## [Problem to solve]
The tail of the records, from the line containing "by move=> c" through the final line, should be printed exactly and on its own.

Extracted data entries
────
Lemma retraction_domain_sub :
  (forall c, G c -> (forall n, N n -> c \o n = n \o c) -> c = id) -> subset_of K N.
Proof.
move=> centralizer_trivial k Kk.
have [ai Nai [aK aiK]] := subgroup_inv SN (phiN Kk).
have Kai := NK Nai; have Kc := subgroup_comp SK Kai Kk.
have phic : phi (ai \o k) = id.
  by rewrite phiM // phi_id //; apply: functional_extensionality; apply: aK.
have c_id := centralizer_trivial _ (KG Kc) (retraction_kernel_centralizes Kc phic).
have -> : k = phi k \o (ai \o k) by apply: functional_extensionality => x /=; rewrite aiK.
by rewrite c_id; apply: phiN.
Qed.

End Retraction.

Lemma finite_index_sub (m : nat -> nat) (G H K : (V m -> V m) -> Prop) :
  subset_of K H -> finite_index K G -> finite_index H G.
Proof.
move=> KH [reps cover]; exists reps => g /cover [r rr [k Kk ->]].
by exists r => //; exists k => //; apply: KH.
Qed.

Theorem lemma3p3 (m : nat -> nat) (Hm : forall n, 2 <= m n)
  (G N : (V m -> V m) -> Prop) :
  weakly_branch G -> is_normal N G -> (exists2 n, N n & n <> id) ->
  (virtual_retract N G <-> finite_index N G).
Proof.
move=> WB NN [n0 Nn0 n0ne]; have m_gt0 i : 0 < m i := ltnW (Hm i).
split=> [[K [SK [KG [FK [NK [phi [phiN [phiM phi_id]]]]]]]] | FN].
  apply: finite_index_sub FK; apply: (retraction_domain_sub NN SK KG NK phiN phiM phi_id).
  by move=> c Gc cN; apply: (centralizer_normal_trivial WB NN Gc cN m_gt0 Nn0 n0ne).
exists N; split; first exact: normal_subgroup NN.
split; first exact: normal_sub NN.
by do 2!split=> //; exists id.
Qed.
────
## [Written response]
  by move=> c Gc cN; apply: (centralizer_normal_trivial WB NN Gc cN m_gt0 Nn0 n0ne).
exists N; split; first exact: normal_subgroup NN.
split; first exact: normal_sub NN.
by do 2!split=> //; exists id.
Qed.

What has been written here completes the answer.